### [Stored data entries]
Lemma old_special_ok f d1 : tspecial st = Some (f, d1) -> special_ok next_state d.+1 f d1.
Proof.
move=> hsp; have := inv_special; rewrite hsp => -[h1 h2 h3 h4 h5].
split => //=.
- exact: ltnW.
- by rewrite next_good // ltnW.
- move=> y hy; have [hyS hyd] := h3 y hy; by rewrite next_verts_old // next_depth_old.
- move=> x /next_vertsP [hx | hx] hr; first by rewrite next_parent_old // h4.
  rewrite next_parent_fresh //; apply/eqP => he.
  have := fresh_parent_incident hx; rewrite he => /h3 [hxS _].
  by move: (fresh_new hx); rewrite hxS.
- move=> t ht _; have hsp' : next_special = Some (f, d1) by rewrite /next_special hsp.
  apply/orP; right; rewrite /= hsp' eqxx /=; lia.
Qed.

Lemma growth_bound_n : 3 ^ d <= 2 ^ d * #|V|.
Proof. by apply: leq_trans inv_growth _; rewrite leq_mul2l max_card orbT. Qed.

Definition at_most_one_special : bool :=
  [forall e in unchosen_edges, if next_special is Some (f, _) then e == f else false].

Lemma two_specials_extract :
  ~~ at_most_one_special -> small_conflict_subgraph ends w beta.
Proof.
move/forallPn => [e]; rewrite negb_imply => /andP [he hne].
case hsp : (tspecial st) => [[f1 d1]|].
  have hsp' : next_special = Some (f1, d1) by rewrite /next_special hsp.
  rewrite hsp' in hne.
  apply: (two_specials_subgraph hloop next_tree_ok (old_special_ok hsp)
            (unchosen_special_ok he) _ _ growth_bound_n) => //.
  by rewrite eq_sym.
have hsp' : next_special = omap (fun f => (f, d)) [pick f in unchosen_edges].
  by rewrite /next_special hsp.
move: hsp' hne; case: pickP => [f hf | H] /= ->; last by rewrite H in he.
move=> hne.
apply: (two_specials_subgraph hloop next_tree_ok (unchosen_special_ok hf)
          (unchosen_special_ok he) _ _ growth_bound_n) => //.
by rewrite eq_sym.
Qed.

(* Counting the pairs at level d.  First, minimum degree 3 gives every
   vertex of level d at least two non-parent edges. *)
Lemma out_pairs_lower : #|level_set st d| * 2 <= #|out_pairs|.
Proof.
apply: card_pairs_ge => v; rewrite inE => /andP [hv /eqP hvd].
set A := [set e | incident v e] :\ par v.
have hA : 2 <= #|A|.
  have := hdeg v; rewrite /degree (cardsD1 (par v)) /A.
  case: (par v \in _) => /=; lia.
apply: leq_trans hA _.
have pinj : injective (fun e : E => (v, e)) by move=> a b [].
rewrite -(card_imset _ pinj).
apply: subset_leq_card; apply/subsetP => p /imsetP [e]; rewrite !inE => /andP [hne hi] ->.
by rewrite /= hv hvd eqxx hi /nonparent hne orbT eqxx.
Qed.

Lemma out_pairs_split : #|out_pairs| = #|good_pairs| + #|bad_pairs|.
Proof. by rewrite /good_pairs /bad_pairs cardsID. Qed.

Definition bad_edges : {set E} := [set e | ~~ good st d e].
Definition frozen_edges : {set E} := [set g | frozen st d g].

Lemma bad_pairs_le : #|bad_pairs| <= 2 * #|bad_edges|.
Proof.
apply: (@leq_trans #|[set ((ends e).1, e) | e in bad_edges] :|:
                     [set ((ends e).2, e) | e in bad_edges]|).
  apply: subset_leq_card; apply/subsetP => p; rewrite !inE => /andP [hg].
  case/andP => /andP [/andP [_ _] hi] _.
  have hb : p.2 \in bad_edges by rewrite inE hg.
  case/orP: hi => /eqP hi; apply/orP; [left|right]; apply/imsetP; exists p.2 => //;
    by rewrite hi -surjective_pairing.
apply: leq_trans (leq_card_setU _ _) _.
by rewrite mul2n -addnn leq_add // leq_imset_card.
Qed.

Lemma bad_edges_le : #|bad_edges| <= gamma ^ 2 * #|frozen_edges|.
Proof.
apply: (@leq_trans #|\bigcup_(g in frozen_edges) [set e | conflict e g]|).
  apply: subset_leq_card; apply/subsetP => e; rewrite inE => /forallPn [g].
  rewrite negb_imply negbK => /andP [hf hc]; apply/bigcupP; exists g; by rewrite inE.
apply: leq_trans (card_bigcup_le _ _ _) _.
rewrite mulnC -sum_nat_const; apply: leq_sum => g _; exact: conflict_card.
Qed.

(* Frozen edges are parent edges of non-root vertices in the ball of radius
   d - beta - 1, plus possibly the special edge: there are at most as many
   as vertices in that ball. *)
Lemma frozen_edges_le :
  #|frozen_edges| <= (if beta.+1 <= d then #|ball st (d - beta.+1)| else 0).
Proof.
set m := d - beta.+1.
set A := [set x in S | (x != r) && (dep x + beta.+1 <= d)].
set Bsp : {set E} := if tspecial st is Some (f, d1)
  then (if d1 + beta.+1 <= d then [set f] else set0) else set0.
have frozen_sub : frozen_edges \subset par @: A :|: Bsp.
  apply/subsetP => g; rewrite inE.
  case/orP => [/existsP [x /andP [hx /andP [/andP [hr h] /eqP <-]]] | hs].
    by rewrite in_setU; apply/orP; left; apply/imsetP; exists x => //; rewrite inE hx hr h.
  rewrite in_setU; apply/orP; right; move: hs; rewrite /Bsp.
  case: (tspecial st) => // [[f d1]].
  by case/andP => /eqP -> ->; rewrite inE.
have card_special : #|Bsp| <= (if beta.+1 <= d then 1 else 0).
  rewrite /Bsp; case: (tspecial st) => [[f d1]|]; last by rewrite cards0.
  case: ifP => h; last by rewrite cards0.
  rewrite cards1; case: ifP => //; lia.
have card_frozen_parents :
  #|A| + (beta.+1 <= d) <= (if beta.+1 <= d then #|ball st m| else 0).
  case: ifP => hb.
    have hsub : r |: A \subset ball st m.
      apply/subsetP => x; rewrite !inE => /orP [/eqP -> | /andP [hx /andP [_ h]]].
        by rewrite inv_root inv_root_depth.
      rewrite hx /=; rewrite /m; lia.
    have := subset_leq_card hsub; rewrite cardsU1.
    have -> : r \notin A by rewrite inE eqxx andbF.
    by rewrite addnC.
  have -> : A = set0.
    apply/setP => x; rewrite !inE; apply/negP => /andP [_ /andP [_ h]]; move/negbT: hb; lia.
  by rewrite cards0.
apply: leq_trans (subset_leq_card frozen_sub) _.
apply: leq_trans (leq_card_setU _ _) _.
apply: leq_trans (leq_add (leq_imset_card _ _) card_special) _.
by move: card_frozen_parents; case: ifP.
Qed.

Definition chosen_pairs : {set V * E} := good_pairs :&: [set p | chosen p].
Definition unchosen_pairs : {set V * E} := good_pairs :\: [set p | chosen p].

(* Chosen pairs are in bijection with fresh vertices (through [target]). *)
Lemma good_pairs_split : #|good_pairs| = #|chosen_pairs| + #|unchosen_pairs|.
Proof. by rewrite /chosen_pairs /unchosen_pairs cardsID. Qed.

Lemma chosen_pairs_le : #|chosen_pairs| <= #|fresh|.
Proof.
have hinj : {in chosen_pairs &, injective target}.
  move=> p q /setIP [hp hpc] /setIP [hq hqc] e.
  have hpc' : chosen p by move: hpc; rewrite inE.
  have hqc' : chosen q by move: hqc; rewrite inE.
  move: hpc' hqc' {hpc hqc}; rewrite /chosen => /andP [_ /eqP hpc] /andP [_ /eqP hqc].
  have e2 : p.2 = q.2 by rewrite -hpc -hqc e.
  have hpi : incident p.1 p.2 by case/good_pairsP: hp.
  have hqi : incident q.1 q.2 by case/good_pairsP: hq.
  have e1 : p.1 = q.1.
    rewrite -(other_invol hloop hpi) -(other_invol hloop hqi).
    by rewrite -/(target p) -/(target q) e e2.
  by case: p q e1 e2 {hp hq hpc hqc e hpi hqi} => [a b] [a' b'] /= -> ->.
rewrite -(card_in_imset hinj); apply: subset_leq_card; apply/subsetP => x /imsetP [p].
case/setIP => hp; rewrite inE => /andP [hn _] ->.
by rewrite inE hn /=; apply/existsP; exists p; rewrite hp eqxx.
Qed.

Lemma unchosen_pair_edge p : p \in unchosen_pairs -> p.2 \in unchosen_edges.
Proof.
case/setDP => hp hc; rewrite inE; apply/existsP; exists p.
by rewrite hp eqxx; rewrite inE in hc.
Qed.

Lemma next_level_top : level_set next_state d.+1 = fresh.
Proof.
apply/setP => x; rewrite in_level_set /= in_setU.
case: (boolP (x \in S)) => hx /=.
  have hn : x \notin fresh by apply/negP => /fresh_new; rewrite hx.
  rewrite next_depth_old //; have := inv_depth_le hx.
  rewrite (negbTE hn); case: eqP => //; lia.
by rewrite /next_depth (negbTE hx) eqxx andbT.
Qed.

Lemma next_ball_old m : m <= d -> ball next_state m = ball st m.
Proof.
move=> hm; apply/setP => x; rewrite !in_ball /= in_setU.
case: (boolP (x \in S)) => hx /=; first by rewrite next_depth_old.
rewrite /next_depth (negbTE hx); apply/negP => /andP [_ h]; lia.
Qed.

Lemma next_ball_top : #|ball next_state d.+1| = #|ball st d| + #|fresh|.
Proof.
have -> : ball next_state d.+1 = next_verts.
  apply/setP => x; rewrite in_ball /=; case: (boolP (x \in next_verts)) => //= hx.
  case/next_vertsP: hx => hx.
    by rewrite next_depth_old // (leq_trans (inv_depth_le hx)).
  by rewrite next_depth_fresh // leqnn.
have -> : ball st d = S.
  apply/setP => x; rewrite in_ball.
  by case: (boolP (x \in S)) => // hx; rewrite inv_depth_le.
rewrite /next_verts cardsU.
have -> : S :&: fresh = set0.
  apply/setP => x; rewrite in_setI in_set0.
  by apply/negP => /andP [hx /fresh_new]; rewrite hx.
by rewrite cards0 subn0.
Qed.
Lemma facet_vertex_at o u x : facet o u -> u != 0 ->
  exists2 G : dag N, inner o (eta_of R (val G)) = u & eta_of R (val G) x != 0.
Proof.
move=> [o_valid [p [indep on_face]] _] u_neq0.
have [/existsP[G /andP[/eqP ? ?]] | no_vertex] :=
  boolP [exists G : dag N,
           (inner o (eta_of R (val G)) == u) && (eta_of R (val G) x != 0)].
  by exists G.
have p_x0 i z : z \in [set x] -> p i z = 0.
  move/set1P => ->; apply: face_coord0 o_valid (on_face i) _ => G on_G.
  by apply/eqP; move/existsPn/(_ G): no_vertex; rewrite on_G eqxx negbK.
have := aff_indep_hyperplane_zeros_card u_neq0 indep (fun i => (on_face i).2) p_x0.
by rewrite cards1 addn1 ltnn.
Qed.

Lemma facet_ocoord_le o u a (A B : {set N}) : facet o u -> 0 < u ->
  B != set0 -> a \notin B -> A \subset B -> ocoord o a A <= ocoord o a B.
Proof.
move=> o_facet u_gt0 B_neq0 aB AB.
have aB_Ups : Ups_pred (a, B) by rewrite /Ups_pred /= B_neq0 aB.
have [[pa pa_dag] /= on_G] :=
  facet_vertex_at (exist _ (a, B) aB_Ups) o_facet (lt0r_neq0 u_gt0).
rewrite ffunE pnatr_eq0 eqb0 negbK /= => /eqP paB.
pose pa' : {ffun N -> {set N}} := [ffun b => if b == a then A else pa b].
have pa'_dag : is_dag pa'.
  apply: (subgraph_is_dag pa_dag) => b; rewrite ffunE.
  by case: eqP => [->|_]; rewrite -?paB.
have [o_valid _ _] := o_facet.
have := o_valid _ (in_PN_eta R pa'_dag).
rewrite inner_eta_update on_G -paB; lra.
Qed.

### [GOAL OF THE EXERCISE]
Task for the records above: copy every line in which the word "last" occurs.

### [EXERCISE ANSWER]
move: hsp' hne; case: pickP => [f hf | H] /= ->; last by rewrite H in he.
  rewrite /Bsp; case: (tspecial st) => [[f d1]|]; last by rewrite cards0.
  case: ifP => h; last by rewrite cards0.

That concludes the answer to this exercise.